* **Task to complete**:
Across all the entries below, how many lines contain the string "noSc"? The number by itself is the answer.

Collected data
(* Let $\mathcal G=(\mathcal V,\mathcal E,W)$ be a network, $h^-\le h^+$ in $\mathbb R^{\mathcal V}$ and $\mathcal H=\prod_i[h_i^-,h_i^+]$. The following are equivalent: (a) the coordination game on $\mathcal G$ is $\mathcal H$-robustly unpolarizable (for every $h\in\mathcal H$ it has no equilibrium outside $\{\pm\mathbf 1\}$); (b) $\mathcal G$ is $\mathcal H$-robustly indecomposable (i.e., $h$-indecomposable for every $h\in\mathcal H$); (c) $\mathcal G$ is $(h^-,h^+)$-indecomposable.
   Context: A network is $\mathcal G=(\mathcal V,\mathcal E,W)$ with finite node set $\mathcal V$, links $\mathcal E\subseteq\mathcal V\times\mathcal V$, weight matrix $W\in\mathbb R_+^{\mathcal V\times\mathcal V}$ with zero diagonal, $W_{ij}>0$ iff $(i,j)\in\mathcal E$; for $\mathcal S\subseteq\mathcal V$, $w_i^{\mathcal S}=\sum_{j\in\mathcal S}W_{ij}$. $\mathcal X=\{-1,+1\}^{\mathcal V}$. Indecomposability: for $h^-\le h^+$, $\mathcal G$ is $(h^-,h^+)$-indecomposable if for every partition $\mathcal V=\mathcal V^+\cup\mathcal V^-$ into two disjoint nonempty sets there exist a sign $s\in\{-,+\}$ and a node $i\in\mathcal V^s$ with $w_i^{\mathcal V^s}+s\,h_i^s<w_i^{\mathcal V^{-s}}$ (here $s\,h_i^s$ means $+h_i^+$ if $s=+$ and $-h_i^-$ if $s=-$, and $-s$ is the opposite sign). $\mathcal G$ is $h$-indecomposable if it is $(h,h)$-indecomposable. Coordination game with external field $h$: players $\mathcal V$, actions $\{\pm1\}$, utilities $u_i(x)=x_i(\sum_jW_{ij}x_j+h_i)$; $x^*$ is an equilibrium if for every $i$, $x_i^*$ maximizes $u_i(\cdot,x^*_{-i})$ over $\{\pm1\}$. *)

From HB Require Import structures.
From mathcomp Require Import all_boot all_order all_algebra.
Set Implicit Arguments. Unset Strict Implicit. Unset Printing Implicit Defensive.
Import Order.TTheory GRing.Theory Num.Theory.
Local Open Scope ring_scope.

Section Defs.
Variables (R : realFieldType) (V : finType).

(* Network weights: W i j > 0 iff (i,j) is a link; zero diagonal, nonnegative. *)
Definition network (W : V -> V -> R) : Prop :=
  (forall i, W i i = 0) /\ (forall i j, 0 <= W i j).

Definition wdeg (W : V -> V -> R) (i : V) (S : {set V}) : R :=
  \sum_(j in S) W i j.

Definition indecomposable2 (W : V -> V -> R) (hm hp : V -> R) : Prop :=
  forall Vp : {set V}, Vp != set0 -> ~: Vp != set0 ->
    (exists2 i, i \in Vp & wdeg W i Vp + hp i < wdeg W i (~: Vp)) \/
    (exists2 i, i \in ~: Vp & wdeg W i (~: Vp) - hm i < wdeg W i Vp).

Definition indecomposable (W : V -> V -> R) (h : V -> R) : Prop :=
  indecomposable2 W h h.

Definition is_config (x : V -> R) : Prop := forall i, x i = 1 \/ x i = -1.

Definition utility (W : V -> V -> R) (h : V -> R) (i : V) (x : V -> R) : R :=
  x i * (\sum_j W i j * x j + h i).

Definition upd (x : V -> R) (i : V) (a : R) : V -> R :=
  fun j => if j == i then a else x j.

Definition equilibrium (W : V -> V -> R) (h : V -> R) (x : V -> R) : Prop :=
  is_config x /\
  forall i (a : R), (a = 1 \/ a = -1) ->
    utility W h i (upd x i a) <= utility W h i x.

Definition in_box (hm hp h : V -> R) : Prop := forall i, hm i <= h i <= hp i.

Definition robustly_unpolarizable (W : V -> V -> R) (hm hp : V -> R) : Prop :=
  forall h, in_box hm hp h -> forall x, equilibrium W h x ->
    (forall i, x i = 1) \/ (forall i, x i = -1).

Definition robustly_indecomposable (W : V -> V -> R) (hm hp : V -> R) : Prop :=
  forall h, in_box hm hp h -> indecomposable W h.

End Defs.

From HB Require Import structures.
From mathcomp Require Import all_boot all_order all_algebra.
From mathcomp Require Import lra.
Set Implicit Arguments. Unset Strict Implicit. Unset Printing Implicit Defensive.
Import Order.TTheory GRing.Theory Num.Theory.
Local Open Scope ring_scope.

(* Every configuration x in {-1,+1}^V is the sign pattern of the
   set S = {i | x_i = +1}, and the local field of node i is then
   w_i^S - w_i^{~S} + h_i.  Hence x is an equilibrium exactly when no node
   wants to switch sides, i.e. when the partition (S, ~S) is "cohesive":
   w_i^{~S} <= w_i^S + h_i on S and w_i^S <= w_i^{~S} - h_i on ~S.
   On the other hand (h^-,h^+)-indecomposability says precisely that no
   nontrivial partition is cohesive for the pair of fields (h^-, h^+).
   So (a) <-> (b) holds field by field: nonconsensus equilibria are the same
   as nontrivial cohesive partitions.  For (b) <-> (c), cohesiveness is
   monotone in the fields, so a partition cohesive for some h in the box is
   cohesive for (h^-,h^+); conversely a partition S cohesive for (h^-,h^+)
   is cohesive for the single field equal to h^+ on S and h^- off S. *)

Section Cohesive.
Variables (R : realFieldType) (V : finType) (W : V -> V -> R).

Definition sign_config (S : {set V}) : V -> R :=
  fun j => if j \in S then 1 else -1.

Definition cohesive (hm hp : V -> R) (S : {set V}) : Prop :=
  (forall i, i \in S -> wdeg W i (~: S) <= wdeg W i S + hp i) /\
  (forall i, i \in ~: S -> wdeg W i S <= wdeg W i (~: S) - hm i).

Lemma indecomposable2P (hm hp : V -> R) :
  indecomposable2 W hm hp <->
  forall S : {set V}, S != set0 -> ~: S != set0 -> ~ cohesive hm hp S.
Proof.
split=> [indec S nS nSc [cohS cohSc] | noCoh S nS nSc].
  case: (indec S nS nSc) => [[i iS lt] | [i iSc lt]].
  - by have := cohS i iS; rewrite leNgt lt.
  - by have := cohSc i iSc; rewrite leNgt lt.
case: (boolP [exists i in S, wdeg W i S + hp i < wdeg W i (~: S)]).
  by case/exists_inP => i iS lt; left; exists i.
case: (boolP [exists i in ~: S, wdeg W i (~: S) - hm i < wdeg W i S]).
  by case/exists_inP => i iSc lt; right; exists i.
move=> /exists_inPn noSc /exists_inPn noS; exfalso; apply: (noCoh S nS nSc).
by split=> i iT; rewrite leNgt; [exact: noS | exact: noSc].
Qed.

Lemma cohesive_widen (hm hp h : V -> R) (S : {set V}) :
  in_box hm hp h -> cohesive h h S -> cohesive hm hp S.
Proof.
move=> hb [cohS cohSc]; split=> i iT.
- by have := cohS i iT; have /andP[_ hhp] := hb i; lra.
- by have := cohSc i iT; have /andP[hmh _] := hb i; lra.
Qed.

Lemma cohesive_split_field (hm hp : V -> R) (S : {set V}) :
  let hS := fun i => if i \in S then hp i else hm i in
  cohesive hm hp S -> cohesive hS hS S.
Proof.
move=> hS [cohS cohSc]; split=> i iT; rewrite /hS.
- by rewrite iT; exact: cohS.
- by move: (iT); rewrite in_setC => /negbTE ->; exact: cohSc.
Qed.

Lemma split_field_in_box (hm hp : V -> R) (S : {set V}) :
  (forall i, hm i <= hp i) ->
  in_box hm hp (fun i => if i \in S then hp i else hm i).
Proof. by move=> hmp i; case: (i \in S); rewrite lexx ?hmp. Qed.

Lemma sum_sign_config (S : {set V}) (i : V) :
  \sum_j W i j * sign_config S j = wdeg W i S - wdeg W i (~: S).
Proof.
rewrite (bigID (mem S)) /= /wdeg -sumrN; congr (_ + _).
  by apply: eq_bigr => j jS; rewrite /sign_config jS mulr1.
apply: eq_big => [j | j jSc]; first by rewrite in_setC.
by rewrite /sign_config (negbTE jSc) mulrN1.
Qed.

Lemma config_sign_config (x : V -> R) :
  is_config x -> x =1 sign_config [set i | x i == 1].
Proof.
move=> cx j; rewrite /sign_config inE.
by case: (cx j) => ->; rewrite ?eqxx // -subr_eq0 (_ : -1 - 1 = -2 :> R);
  [rewrite oppr_eq0 pnatr_eq0 | lra].
Qed.

Lemma consensus_sign_config (x : V -> R) (S : {set V}) :
  x =1 sign_config S ->
  ((forall i, x i = 1) \/ (forall i, x i = -1)) <-> (S = set0 \/ ~: S = set0).
Proof.
move=> hx; split=> [[all1 | allm1] | [S0 | Sc0]].
- right; apply/setP => j; rewrite !inE; case: (boolP (j \in S)) => // jS.
  by have := all1 j; rewrite hx /sign_config (negbTE jS); lra.
- left; apply/setP => j; rewrite !inE; case: (boolP (j \in S)) => // jS.
  by have := allm1 j; rewrite hx /sign_config jS; lra.
- by right => i; rewrite hx /sign_config S0 in_set0.
- left => i; rewrite hx /sign_config.
  by have := in_set0 i; rewrite -Sc0 in_setC => /negbFE ->.
Qed.

Hypothesis W_network : network W.

(* Only the sign of the local field matters for a best response; the zero
   diagonal makes the field independent of the node's own action. *)
Lemma equilibriumE (h x : V -> R) : is_config x ->
  equilibrium W h x <-> forall i, 0 <= x i * (\sum_j W i j * x j + h i).
Proof.
move=> cx; have [W0 _] := W_network.
have utility_upd i a :
    utility W h i (upd x i a) = a * (\sum_j W i j * x j + h i).
  rewrite /utility /upd eqxx; congr (_ * (_ + _)); apply: eq_bigr => j _.
  by case: eqP => [-> | //]; rewrite W0 !mul0r.
rewrite /equilibrium; split=> [[_ best] i | nonneg].
  have flip : - x i = 1 \/ - x i = -1.
    by case: (cx i) => ->; [right | left; rewrite opprK].
  have := best i _ flip; rewrite utility_upd /utility mulNr.
  by move: (x i * _) => P; lra.
split=> // i a ha; rewrite utility_upd /utility; have := nonneg i.
by set F := _ + h i; case: (cx i) => ->; case: ha => ->; lra.
Qed.

Lemma equilibrium_cohesive (h x : V -> R) (S : {set V}) :
  x =1 sign_config S -> equilibrium W h x <-> cohesive h h S.
Proof.
move=> hx; have cx : is_config x.
  by move=> j; rewrite hx /sign_config; case: (j \in S); [left | right].
have field i : \sum_j W i j * x j = wdeg W i S - wdeg W i (~: S).
  by rewrite -sum_sign_config; apply: eq_bigr => j _; rewrite hx.
rewrite equilibriumE //; split=> [nonneg | [cohS cohSc] i].
  split=> i iT; have := nonneg i; rewrite field hx /sign_config.
  - by rewrite iT; lra.
  - by move: iT; rewrite in_setC => /negbTE ->; lra.
rewrite field hx /sign_config; case: (boolP (i \in S)) => iS.
- by have := cohS i iS; lra.
- by have := cohSc i; rewrite in_setC iS => /(_ isT); lra.
Qed.

Lemma unpolarizable_indecomposable (h : V -> R) :
  (forall x, equilibrium W h x -> (forall i, x i = 1) \/ (forall i, x i = -1))
  <-> indecomposable W h.
Proof.
rewrite /indecomposable indecomposable2P.
split=> [unpol S nS nSc /(equilibrium_cohesive h (frefl (sign_config S))) eqS |
         indec x eqx].
  have /(consensus_sign_config (frefl (sign_config S))) [S0 | Sc0] := unpol _ eqS.
  - by rewrite S0 eqxx in nS.
  - by rewrite Sc0 eqxx in nSc.
have hx := config_sign_config (proj1 eqx); set S := [set i | _] in hx.
apply/(consensus_sign_config hx).
have [S0 | nS] := eqVneq S set0; first by left.
have [Sc0 | nSc] := eqVneq (~: S) set0; first by right.
by case: (indec S nS nSc); apply/(equilibrium_cohesive h hx).
Qed.

End Cohesive.

Theorem theorem3 (R : realFieldType) (V : finType) (W : V -> V -> R)
  (hm hp : V -> R) :
  network W -> (forall i, hm i <= hp i) ->
  (robustly_unpolarizable W hm hp <-> robustly_indecomposable W hm hp) /\
  (robustly_indecomposable W hm hp <-> indecomposable2 W hm hp).
Proof.
move=> nW hmp; split; split.
- by move=> unpol h hb; apply/(unpolarizable_indecomposable nW); exact: unpol.
- by move=> indec h hb; apply/(unpolarizable_indecomposable nW); exact: indec.
- move=> rob; apply/indecomposable2P => S nS nSc /cohesive_split_field coh.
  by move: (rob _ (split_field_in_box S hmp)) => /indecomposable2P/(_ S nS nSc).
- move=> indec h hb; apply/indecomposable2P => S nS nSc cohS.
  by move: indec => /indecomposable2P/(_ S nS nSc); apply; exact: cohesive_widen cohS.
Qed.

* **Task output**:
2